First to mention is – in software business it’s all about credibility and every poor quality software product is kicked out with the speed of light. There’s a huge variety of software companies and if you don’t keep up top standards, you suck. You need to provide the best quality of software. Software without bugs is utopia but good software company doesn’t release a product with major issues, because they might cost a lot.

So let’s dive into definitions. Error – fault – failure might look familiar, but they actually have different impact.
Lets say we have a scenario like this:

A bank asks us to write a web based software which has only one job, to transfer money from client’s bank account to some cash desk where the client can withdraw. It only has log in form and one input field for the amount of money they want to transfer. They push one button and it’s done. Lets say we forgot to test if the input takes negative value. And we release … now if a client inputs negative value he’ll actually gain money.

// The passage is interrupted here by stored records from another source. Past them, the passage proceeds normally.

Lemma vars_below_pmul k P Q : vars_below k P -> vars_below k Q -> vars_below k (pmul P Q).
Proof.
move=> Pk Qk w; rewrite inE => odd_w.
have : #|[set uv in setX P Q | uv.1 :|: uv.2 == w]| > 0 by case: #|_| odd_w.
rewrite card_gt0 => /set0Pn [[u v]]; rewrite !inE /= => /andP [/andP [uP vQ] /eqP <-] t.
by rewrite inE => /orP[]; [apply: (Pk u) | apply: (Qk v)].
Qed.

Lemma peval_vars_below k P x x' : vars_below k P ->
  (forall t : 'I_m, t < k -> (t \in x) = (t \in x')) -> peval P x = peval P x'.
Proof.
move=> Pk xx'; rewrite /peval; congr odd; apply: eq_card => w; rewrite !inE.
case wP: (w \in P) => //=; apply/subsetP/subsetP => wx t tw.
  by rewrite -xx' ?wx ?(Pk w wP t tw).
by rewrite xx' ?wx ?(Pk w wP t tw).
Qed.

Definition toggle x (t : 'I_m) := if t \in x then x :\ t else t |: x.

Lemma in_toggle x (t u : 'I_m) : (u \in toggle x t) = if u == t then t \notin x else u \in x.
Proof. by rewrite /toggle; case: ifP => tx; rewrite !inE; case: eqP => // ->; rewrite tx. Qed.

Lemma peval_toggle k P x (t : 'I_m) :
  vars_below k P -> k <= t -> peval P (toggle x t) = peval P x.
Proof.
move=> Pk kt; apply: peval_vars_below Pk _ => u uk; rewrite in_toggle.
by case: eqP => // ut; rewrite ut ltnNge kt in uk.
Qed.

Section AffineForms.
Variables (B : 'M['F_2]_m) (e : 'rV['F_2]_m).

Definition aff_tail (i : 'I_m) : rpoly m :=
  [set [set j] | j : 'I_m & (j < i)%N && (B i j == 1%R)]
    :|: (if e ord0 i == 1%R then [set set0] else set0).

Lemma vars_below_aff_tail (i : 'I_m) : vars_below i (aff_tail i).
Proof.
move=> w; rewrite !inE => /orP [/imsetP [j] | ].
  by rewrite inE => /andP [ji _] -> t; rewrite inE => /eqP ->.
by case: ifP; rewrite ?inE // => _ /eqP -> t; rewrite inE.
Qed.

Lemma aff_formE (i : 'I_m) : aff_form B e i = padd [set [set i]] (aff_tail i).
Proof.
have iNtail : [set i] \notin aff_tail i.
  by apply/negP => /vars_below_aff_tail /(_ i); rewrite inE eqxx ltnn => /(_ isT).
apply/setP => w; rewrite /aff_form /padd -setUA -/(aff_tail i) !inE.
by case: eqP => [-> | _]; [move: iNtail; rewrite /aff_tail inE => /negbTE -> | rewrite andbF].
Qed.

Lemma vars_below_aff (i : 'I_m) : vars_below i.+1 (aff_form B e i).
Proof.
rewrite aff_formE; apply: vars_below_padd.
  by move=> w; rewrite inE => /eqP -> t; rewrite inE => /eqP ->.
exact: vars_belowW (leqnSn i) (@vars_below_aff_tail i).
Qed.
(* The language $L_1=\{\,a^n b^{n+\lfloor \sqrt{n} \rfloor} \mid n \ge 1\,\}$ belongs to $\mathscr{L}_{rt}(\mathrm{MC\text{-}OCA}(1))$, i.e., it is accepted by some real-time one-way cellular automaton that is max communication bounded by a constant.
   Context: A cellular automaton (CA) is a system $\langle S,F,A,B,\#,b_l,b_r,\delta\rangle$ with finite nonempty state set $S$, accepting states $F\subseteq S$, nonempty input alphabet $A\subseteq S$, set $B$ of communication symbols, boundary symbol $\#\notin B$, communication functions $b_l,b_r:S\to B\cup\{\bot\}$ (information sent to the left/right neighbor; $\bot$ means nothing is sent), and local transition function $\delta:(B\cup\{\#,\bot\})\times S\times(B\cup\{\#,\bot\})\to S$. On input $w=a_1\cdots a_n\in A^+$ the array has cells $1,\dots,n$, initial configuration $c_0(i)=a_i$, and $c_{t+1}(i)=\delta(b_r(c_t(i-1)),c_t(i),b_l(c_t(i+1)))$ for $2\le i\le n-1$; the leftmost cell receives $\#$ from the left at the first step and $\bot$ afterwards, symmetrically for the rightmost cell. The input is accepted if at some time the leftmost cell enters a state in $F$. The device has time complexity $t$ if every accepted $w$ is accepted within $t(|w|)$ steps; real time means $t(n)=n$. A one-way CA (OCA) is a CA in which $b_r$ maps every state to $\bot$ and the leftmost cell does not receive the boundary symbol. The number of communications between cells $i$ and $i+1$ up to time $t$ is $\mathrm{com}(i,t)=|\{j: 0\le j<t,\ b_r(c_j(i))\ne\bot \text{ or } b_l(c_j(i+1))\ne\bot\}|$. For a device of time complexity $t$, $\mathrm{mcom}(w)=\max_{1\le i\le |w|-1}\mathrm{com}(i,t(|w|))$ and $\mathrm{scom}(w)=\sum_{i=1}^{|w|-1}\mathrm{com}(i,t(|w|))$. A device is max (resp. sum) communication bounded by $f$ if every accepted $w$ is accepted with a computation having $\mathrm{mcom}(w)\le f(|w|)$ (resp. $\mathrm{scom}(w)\le f(|w|)$). $\mathrm{MC\text{-}OCA}(f)$ (resp. $\mathrm{SC\text{-}OCA}(f)$, $\mathrm{MC\text{-}CA}(f)$) denotes OCAs (resp. OCAs, CAs) that are max (resp. sum, max) communication bounded by some $g\in O(f)$. $\mathscr{L}_{rt}(X)$ is the family of languages accepted by real-time devices of type $X$. *)

From mathcomp Require Import all_boot.
Set Implicit Arguments. Unset Strict Implicit. Unset Printing Implicit Defensive.
Theorem theorem4p3 (A : form) (t : aform) (q : nat -> nat) :
  (forall i j, q i = q j -> i = j) ->
  (forall i, ~ occurs (q i) A) ->
  translation_for A t ->
  GL_prv (apply_transl q t) ->
  K4_prv A.
Proof.
  intros Hinj Hfresh [<- Hwf] HGL. apply NNPP. intros HK4.
  destruct (K4_transitive_countermodel _ HK4) as (W & R & V & w & Htrans & Hw).
  apply Hw.
  apply (forces_apply_transl W R V q Hinj t Hwf Hfresh (box_bound t)
           (boxes_below_box_bound t) w (S (box_bound t))); [lia|].
  apply GL_sound; [now apply strat_rel_trans|apply strat_rel_conv_wf|exact HGL].
Qed.
(* Let $N\ge K\ge1$, $C>0$, $\epsilon_p,\epsilon_l>0$, and let $\bm U=(U_1,\dots,U_N)$ be a vector of positive feature importances (fixed independently of the input). Consider the R$^3$eLU-forward procedure with dynamic privacy budget allocation: compute $\hat{\bm v}=ClipK(\bm v,C,K,N)$; set $p_i=\frac12+\frac{U_i}{\|\bm U\|_\infty}\big(\frac{e^{\epsilon_p/K}}{1+e^{\epsilon_p/K}}-\frac12\big)$; independently draw $s_i\sim\mathrm{Bernoulli}(p_i)$ and Laplace noise $L_i$ for coordinate $i$ calibrated to the allocated budget $\epsilon_l U_i/\sum_{j=1}^N U_j$ (i.e. $L_i\sim\mathrm{Lap}\big(0,\,2KC\sum_{j}U_j/(\epsilon_l U_i)\big)$); output $\tilde a_i=\max(\hat v_i+L_i,0)$ if $s_i=1$ and $\tilde a_i=0$ otherwise. Then this procedure is still $\epsilon$-differentially private with $\epsilon=\epsilon_p+\epsilon_l$.
   Context: $ClipK(\bm{v},C,K,N)$: given $\bm{v}\in\mathbb{R}^N$, keep the $K$ largest entries of $\bm{v}$ and set all other entries to $0$; then clip each kept entry into the interval $[0,C]$. $\mathrm{Lap}(0,b)$ is the Laplace distribution with mean $0$ and scale $b$. A randomized mechanism $\mathcal{M}$ is $\epsilon$-DP if for any two inputs $x,x'$ and every measurable output set $S$, $\Pr[\mathcal{M}(x)\in S]\le e^{\epsilon}\Pr[\mathcal{M}(x')\in S]$. *)

From HB Require Import structures.
From mathcomp Require Import all_boot all_order all_algebra.
From mathcomp Require Import all_classical all_reals all_analysis.
Set Implicit Arguments. Unset Strict Implicit. Unset Printing Implicit Defensive.
Import Order.TTheory GRing.Theory Num.Theory.
Local Open Scope classical_set_scope.
Local Open Scope ring_scope.

Definition topk_rank (R : realType) (N : nat) (v : 'I_N -> R) (i : 'I_N) : nat :=
  #|[set j : 'I_N | (v i < v j) || ((v j == v i) && (j < i)%N)]|.

(* ClipK(v, C, K, N): keep the K largest entries (ties broken by index),
   zero the others, then clip kept entries into [0, C]. *)
Definition clipK (R : realType) (N : nat) (v : 'I_N -> R) (C : R) (K : nat)
  : 'I_N -> R :=
  fun i => if (topk_rank v i < K)%N then Num.min (Num.max (v i) 0) C else 0.

Definition laplace_pdf (R : realType) (b : R) (x : R) : R :=
  (2 * b)^-1 * expR (- (`|x| / b)).

Definition linf_norm (R : realType) (N : nat) (U : 'I_N -> R) : R :=
  \big[Num.max/0]_(i < N) `|U i|.
Definition vsum (R : realType) (N : nat) (U : 'I_N -> R) : R := \sum_(i < N) U i.

Definition sel_prob (R : realType) (N K : nat) (eps_p : R) (U : 'I_N -> R)
  (i : 'I_N) : R :=
  2^-1 + U i / linf_norm U *
    (expR (eps_p / K%:R) / (1 + expR (eps_p / K%:R)) - 2^-1).

Definition lap_scale (R : realType) (N K : nat) (C eps_l : R) (U : 'I_N -> R)
  (i : 'I_N) : R :=
  2 * K%:R * C * vsum U / (eps_l * U i).

Definition r3elu_out (R : realType) (N K : nat) (C : R) (v : 'I_N -> R)
  (s : 'I_N -> bool) (L : 'I_N -> R) : N.-tuple R :=
  [tuple (if s i then Num.max (clipK v C K i + L i) 0 else 0) | i < N].

Definition mutually_independent d (T : measurableType d) (R : realType)
  (P : probability T R) (N : nat) (s : 'I_N -> T -> bool) (L : 'I_N -> T -> R)
  : Prop :=
  forall (B : 'I_N -> set bool) (A : 'I_N -> set R),
    (forall i, measurable (A i)) ->
    P (\big[setI/setT]_(i < N) (s i @^-1` B i `&` L i @^-1` A i)) =
    (\prod_(i < N) (P (s i @^-1` B i) * P (L i @^-1` A i)))%E.

From HB Require Import structures.
From mathcomp Require Import all_boot all_order all_algebra.
From mathcomp Require Import all_classical all_reals all_analysis.
From mathcomp Require Import ring lra measurable_realfun.
Import Order.TTheory GRing.Theory Num.Theory.
Local Open Scope classical_set_scope.
Local Open Scope ring_scope.

(* Write c = ClipK(v) and c' = ClipK(v').  Coordinate i of the output is
   relu_unit c_i s_i L_i, where relu_unit c b x = (if b then max(c + x, 0)
   else 0), and all coordinates of c and c' lie in [0, C], so that
   |c_i - c'_i| <= C.  The proof has three ingredients.
   - Laplace shift: Lebesgue measure is translation invariant and the
     Laplace density of scale b changes by at most e^{|t|/b} under a shift
     by t, so P(L_i + t \in E) <= e^{|t|/b_i} P(L_i \in E).
   - Rectangles: splitting over the selection pattern and using
     independence, the probability that every output coordinate lies in a
     measurable set B_i is a sum of products of one-coordinate
     probabilities; the selection factors do not depend on the input and
     the noise factors differ by a shift, so the ratio is at most
     exp(sum_i C / b_i) = exp(eps_l / (2K)).
   - Extension: a domination mu(Y1^-1 S) <= k mu(Y2^-1 S) between the laws
     of two random tuples that holds on rectangles holds on all measurable
     S, since it holds on a ring of finite Boolean combinations of
     coordinate conditions generating the product sigma-algebra, and the
     dominated sets form a monotone class.
   Since the selection bits are independent of the input, they cost no
   privacy, and exp(eps_l / (2K)) <= exp(eps_p + eps_l). *)

Section finite_set_operations.
Context (I : choiceType) (T : Type) (r : seq I) (P : pred I) (F : I -> set T).

Lemma in_bigsetI w :
  (\big[setI/setT]_(i <- r | P i) F i) w <-> (forall i, i \in r -> P i -> F i w).
Proof.
rewrite -bigcap_seq_cond; split=> [Fw i ir Pi|Fw i /andP[]]; last exact: Fw.
by apply: Fw; rewrite /= ir.
Qed.

Lemma in_bigsetU w :
  (\big[setU/set0]_(i <- r | P i) F i) w <-> (exists i, [/\ i \in r, P i & F i w]).
Proof.
rewrite -bigcup_seq_cond; split=> [[i /andP[ir Pi] Fiw]|[i [ir Pi Fiw]]].
  by exists i.
by exists i; rewrite /= ?ir.
Qed.

End finite_set_operations.

Section finite_additivity.
Context (R : realType) (d : measure_display) (T : ringOfSetsType d)
  (mu : {content set T -> \bar R}).
Local Open Scope ereal_scope.

Lemma content_disjoint_bigsetU (I : choiceType) (r : seq I) (P : pred I)
    (F : I -> set T) : uniq r ->
  (forall i, measurable (F i)) -> (forall i j, i != j -> F i `&` F j = set0) ->
  mu (\big[setU/set0]_(i <- r | P i) F i) = \sum_(i <- r | P i) mu (F i).
Proof.
move=> + mF dF; elim: r => [|a r IH]; first by rewrite !big_nil measure0.
move=> /= /andP[ar ur]; rewrite !big_cons; case: ifP => Pa; last exact: IH.
rewrite measureU ?IH //; first exact: bigsetU_measurable.
apply/seteqP; split => // w [Faw /in_bigsetU [i [ir _ Fiw]]].
have ai : a != i by apply: contraNneq ar => ->.
by rewrite -(dF _ _ ai).
Qed.

End finite_additivity.

Lemma lee_prod_ge0 (R : realDomainType) (I : Type) (r : seq I) (P : pred I)
    (f g : I -> \bar R) :
  (forall i, P i -> (0 <= f i)%E) -> (forall i, P i -> (f i <= g i)%E) ->
  (\prod_(i <- r | P i) f i <= \prod_(i <- r | P i) g i)%E.
Proof.
move=> f0 fg; elim: r => [|a r IH]; first by rewrite !big_nil.
rewrite !big_cons; case: ifP => Pa //.
by apply: lee_pmul; [exact: f0|exact: prode_ge0|exact: fg|exact: IH].
Qed.

Section pattern_sets.
Context {dX : measure_display} {X : measurableType dX} {N : nat}.

Definition rectangle (B : 'I_N -> set X) : set (N.-tuple X) :=
  [set t | forall i, B i (tnth t i)].

Lemma measurable_rectangle (B : 'I_N -> set X) :
  (forall i, measurable (B i)) -> measurable (rectangle B).
Proof.
move=> mB.
have -> : rectangle B = \big[setI/setT]_(i < N) ((fun t => tnth t i) @^-1` B i).
  apply/seteqP; split => t; first by move=> Bt; apply/in_bigsetI => i _ _; exact: Bt.
  by move/in_bigsetI => Bt i; exact: Bt i (mem_index_enum _) isT.
apply: bigsetI_measurable => i _; rewrite -[E in measurable E]setTI.
exact: measurable_tnth.
Qed.

(* Given m measurable sets A j i on each coordinate i, a tuple t has the
   pattern recording whether t_i lies in A j i for every j and i; sets of
   tuples defined by a condition on the pattern form a ring of sets that
   generates the product sigma-algebra. *)
Definition pattern {m} (A : 'I_m -> 'I_N -> set X) (t : N.-tuple X) :
    {ffun 'I_m * 'I_N -> bool} :=
  [ffun p => `[< A p.1 p.2 (tnth t p.2) >]].

Definition pattern_side {m} (A : 'I_m -> 'I_N -> set X)
    (z : {ffun 'I_m * 'I_N -> bool}) (i : 'I_N) : set X :=
  \big[setI/setT]_(j < m) (if z (j, i) then A j i else ~` A j i).

Lemma pattern_sideP m (A : 'I_m -> 'I_N -> set X) z t :
  rectangle (pattern_side A z) t <-> pattern A t = z.
Proof.
split=> [zt|<- i]; last first.
  by apply/in_bigsetI => j _ _; rewrite ffunE; case: asboolP.
apply/ffunP => -[j i]; rewrite ffunE /=.
have /in_bigsetI/(_ j (mem_index_enum _) isT) := zt i.
by case: (z (j, i)) => ?; apply/asboolP.
Qed.
Lemma weakly_complete_nilpotent (V : idomainType) (pi : V) (C : comPzRingType)
    (jC : {rmorphism V -> C}) n :
  jC pi ^+ n = 0 -> weakly_complete jC pi.
Proof.
move=> pin0; split=> [x /(_ n) [y ->]|d a x [m [b [m_gt0 Ha]]]].
  by rewrite pin0 mul0r.
pose K := (m * (n + b))%N; exists (psum jC a x K) => k; exists K => N leKN.
suff -> : psum jC a x N = psum jC a x K by rewrite subrr; exists 0; rewrite mulr0.
apply: psum_stable leKN => al ltK; have [y ->] := Ha al.
have : (n + b <= mdeg al %/ m)%N by rewrite -(mulKn (n + b) m_gt0) leq_div2r // ltnW.
move=> /(leq_sub2r b); rewrite addnK => /subnKC <-.
by rewrite rmorphM rmorphXn exprD pin0 !mul0r.
Qed.

Section PiDivisibility.
Variables (R : comPzRingType) (t : R) (m : nat).

Lemma pdivD x y : pdiv t m x -> pdiv t m y -> pdiv t m (x + y).
Proof. by move=> [c ->] [e ->]; exists (c + e); rewrite mulrDr. Qed.

Lemma pdivMl r x : pdiv t m x -> pdiv t m (r * x).
Proof. by move=> [c ->]; exists (r * c); rewrite mulrCA. Qed.

Lemma pdiv_exp k y : (m <= k)%N -> pdiv t m (t ^+ k * y).
Proof. by move/subnKC <-; exists (t ^+ (k - m) * y); rewrite exprD mulrA. Qed.

End PiDivisibility.

Lemma rmorph_unit (R S : comPzRingType) (h : {rmorphism R -> S}) x :
  is_unit x -> is_unit (h x).
Proof. by case=> y xy; exists (h y); rewrite -rmorphM xy rmorph1. Qed.

Section WeaklyCompleteUnits.
Variables (V : idomainType) (pi : V) (C : comPzRingType) (jC : {rmorphism V -> C}).
Hypothesis wcC : weakly_complete jC pi.

Lemma weakly_complete_unit1D n y : (0 < n)%N -> is_unit (1 + jC pi ^+ n * y).
Proof.
case: wcC => sepC convC n_gt0; set z := jC pi ^+ n * y.
pose c k := (- pi ^+ n) ^+ k.
pose a (al : {ffun 'I_1 -> nat}) := c (mdeg al).
have a_overconv : overconv pi a.
  exists 1%N, 0%N; split=> // al; rewrite divn1 subn0.
  exists ((-1) ^+ mdeg al * pi ^+ (n.-1 * mdeg al)).
  rewrite /a /c (exprNn (pi ^+ n)) -exprM mulrCA -exprD; congr (_ * _ ^+ _).
  by rewrite -{1}(prednK n_gt0) mulSn.
have [s Hs] := convC 1%N a (fun _ => y) a_overconv.
have partial N : psum jC a (fun _ => y) N = \sum_(k < N.+1) (- z) ^+ k.
  rewrite psum_univariate; apply: eq_bigr => k _.
  by rewrite rmorphXn rmorphN rmorphXn -exprMn mulNr.
exists s; apply/eqP; rewrite -subr_eq0; apply/eqP; apply: sepC => m.
have [N0 HN0] := Hs m; have [e He] := HN0 (maxn N0 m) (leq_maxl _ _).
set N := maxn N0 m in He; set S := psum _ _ _ N in He.
have -> : (1 + z) * s - 1 = (1 + z) * (s - S) + ((1 + z) * S - 1) by ring.
apply: pdivD; first by apply: pdivMl; exists e.
have geometric : (1 + z) * S - 1 = - (- z) ^+ N.+1.
  by rewrite /S partial -(subrK 1 ((- z) ^+ N.+1)) subrX1; ring.
rewrite geometric exprNn /z exprMn -exprM.
have -> : - ((-1) ^+ N.+1 * (jC pi ^+ (n * N.+1) * y ^+ N.+1)) =
          jC pi ^+ (n * N.+1) * - ((-1) ^+ N.+1 * y ^+ N.+1) by ring.
by apply: pdiv_exp; apply: leq_trans (leq_maxr N0 m) _; rewrite -/N; nia.
Qed.

Lemma weakly_complete_unitD n v y :
  (0 < n)%N -> is_unit v -> is_unit (v + jC pi ^+ n * y).
Proof.
move=> n_gt0 [w vw]; have [r Hr] := weakly_complete_unit1D (w * y) n_gt0.
by exists (w * r); rewrite mulrA mulrDl vw -mulrA [y * w]mulrC.
Qed.

End WeaklyCompleteUnits.

Section OpenSubring.
Variables (B : comPzRingType) (S : subringClosed B).

Definition subring := {x : B | x \in S}.
HB.instance Definition _ := [isSub of subring for @sval _ _].
HB.instance Definition _ := [Choice of subring by <:].
Let S_subring_closed : subring_closed S.
Proof. by split=> [|x y|x y]; [exact: rpred1|exact: rpredB|exact: rpredM]. Qed.
HB.instance Definition _ :=
  GRing.SubChoice_isSubComPzRing.Build B (fun x => x \in S) subring S_subring_closed.

Variables (V : idomainType) (pi : V) (jB : V -> B) (jS : V -> subring) (n : nat).
Hypotheses (val_jS : forall v, val (jS v) = jB v) (wcB : weakly_complete jB pi).
Hypothesis S_open : forall c, jB pi ^+ n * c \in S.

Lemma weakly_complete_subring : weakly_complete jS pi.
Proof.
case: wcB => sepB convB; split=> [x x_pdiv|d a x a_overconv].
  apply: val_inj; rewrite rmorph0; apply: sepB => m; have [y ->] := x_pdiv m.
  by exists (val y); rewrite -val_jS -rmorphXn -rmorphM.
have [s Hs] := convB d a (val \o x) a_overconv.
have psum_val N : val (psum jS a x N) = psum jB a (val \o x) N by apply: rmorph_psum.
have s_in : s \in S.
  have [N HN] := Hs n; have [c Hc] := HN N (leqnn N).
  rewrite -(subrK (psum jB a (val \o x) N) s) Hc -psum_val.
  by rewrite rpredD ?S_open // (valP (psum jS a x N)).
exists (Sub s s_in) => m; have [N HN] := Hs (m + n)%N; exists N => k leNk.
have [c Hc] := HN k leNk; exists (Sub (jB pi ^+ n * c) (S_open c)).
apply: val_inj; transitivity (s - psum jB a (val \o x) k).
  by rewrite -psum_val rmorphB.
by rewrite Hc exprD -mulrA rmorphM -{1}val_jS -rmorphXn.
Qed.

End OpenSubring.

Section Approximation.
Variables (V : idomainType) (pi : V) (A : comPzRingType) (j : {rmorphism V -> A}).
Variables (f : A) (Bf : comPzRingType) (ph : {rmorphism A -> Bf}) (n : nat).
Local Notation t := (ph (j pi)).

(* [x] is congruent to [a / f ^+ k] modulo [pi ^+ n], stated without inverting [f]. *)
Definition approximable : {pred Bf} :=
  fun x => `[< exists a k c, ph f ^+ k * x = ph a + t ^+ n * c >].

Lemma approximable_subring_closed : subring_closed approximable.
Proof.
split=> [|x y|x y]; rewrite /approximable.
- by apply/asboolP; exists 1, 0%N, 0; rewrite rmorph1 expr0 mul1r mulr0 addr0.
- move=> /asboolP[a [k [c xE]]] /asboolP[a' [k' [c' yE]]]; apply/asboolP.
  exists (f ^+ k' * a - f ^+ k * a'), (k + k')%N, (ph f ^+ k' * c - ph f ^+ k * c').
  have -> : ph f ^+ (k + k') * (x - y) =
            ph f ^+ k' * (ph f ^+ k * x) - ph f ^+ k * (ph f ^+ k' * y).
    by rewrite exprD; ring.
  by rewrite xE yE rmorphB !rmorphM !rmorphXn; ring.
- move=> /asboolP[a [k [c xE]]] /asboolP[a' [k' [c' yE]]]; apply/asboolP.
  exists (a * a'), (k + k')%N, (ph a * c' + c * ph a' + t ^+ n * c * c').
  by rewrite rmorphM exprD mulrACA xE yE; ring.
Qed.

HB.instance Definition _ := GRing.isSubringClosed.Build Bf approximable
  approximable_subring_closed.

Lemma approximable_ph a : ph a \in approximable.
Proof. by apply/asboolP; exists a, 0%N, 0; rewrite expr0 mul1r mulr0 addr0. Qed.

Lemma approximable_open c : t ^+ n * c \in approximable.
Proof. by apply/asboolP; exists 0, 0%N, c; rewrite expr0 mul1r rmorph0 add0r. Qed.

Definition approx_ph (a : A) : subring approximable := Sub (ph a) (approximable_ph a).

Lemma approx_ph_is_zmod_morphism : zmod_morphism approx_ph.
Proof. by move=> x y; apply: val_inj; rewrite [RHS]rmorphB /= rmorphB. Qed.
HB.instance Definition _ :=
  GRing.isZmodMorphism.Build A (subring approximable) approx_ph approx_ph_is_zmod_morphism.

Lemma approx_ph_is_monoid_morphism : monoid_morphism approx_ph.
Proof.
split=> [|x y]; apply: val_inj; first by rewrite rmorph1 /= rmorph1.
by rewrite [RHS]rmorphM /= rmorphM.
Qed.
HB.instance Definition _ := GRing.isMonoidMorphism.Build A (subring approximable)
  approx_ph approx_ph_is_monoid_morphism.

Lemma weak_completion_loc_approx u :
  is_weak_completion_loc pi j f ph -> ph f * u = 1 ->
  forall b, exists a k c, b = ph a * u ^+ k + t ^+ n * c.
Proof.
move=> [wcB [f_unit univB]] fu b.
have wcS : weakly_complete (approx_ph \o j) pi.
  exact: (weakly_complete_subring (jB := ph \o j)) wcB approximable_open.
have u_in : u \in approximable.
  by apply/asboolP; exists 1, 1%N, 0; rewrite expr1 fu rmorph1 mulr0 addr0.
have unitS : is_unit (approx_ph f).
  by exists (Sub u u_in); apply: val_inj; rewrite rmorphM rmorph1 /= fu.
have [chi [chi_ph _]] := univB _ approx_ph wcS unitS.
have [id0 [_ id0_unique]] := univB _ ph wcB f_unit.
have chiK : val (chi b) = b.
  have -> : val (chi b) = id0 b.
    by apply: (id0_unique (val \o chi)) => a /=; rewrite chi_ph.
  by rewrite -(id0_unique idfun).
have := valP (chi b); rewrite chiK => /asboolP[a [k [c fb]]].
exists a, k, (u ^+ k * c).
by rewrite -[b]mul1r -(expr1n _ k) -fu exprMn mulrAC fb; ring.
Qed.

End Approximation.

Lemma fraction_numden (R : idomainType) (z : {fraction R}) :
  exists x y : R, y != 0 /\ z = tofrac x / tofrac y.
Proof.
elim/quotW: z => r; have dr := denom_ratioP r.
exists \n_r, \d_r; split => //; apply: (canRL (mulfK _)); first by rewrite tofrac_eq0.
rewrite /GRing.mul /= !piE; apply/eqmodP; rewrite /= FracField.equivfE /FracField.mulf /=.
by rewrite !numden_Ratio ?mulf_neq0 ?oner_eq0 // !mulr1 mulrC.
Qed.

Section PrimeIdeal.
Variables (A : comPzRingType) (P : A -> Prop) (HP : is_prime_ideal P).

Lemma prime_ideal0 : P 0. Proof. by case: HP => [[]]. Qed.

This is a bug we all know this, and it goes live you will cry.

Now, I know that’s a dumb example but it’s simple enough to notice few things:
What caused the problem is a simple “Error”, a human mistake, probably one or two lines of code.
In this case may be a simple check like this will do it:

[code]if (input < 0) {
return //some error here

But it actually doesn’t matter, what does is “How it costs for the developer to fix it?” Well as we see it’s just a matter of review some code find the error and fix it.

If he misses it, it goes to the QA, if he finds it there we have the second definition – a “fault”, meaning the error, led to some incorrect behavior of the app – user is able to input invalid value. We log a bug, we fix it, it’s still cool and safe for the client.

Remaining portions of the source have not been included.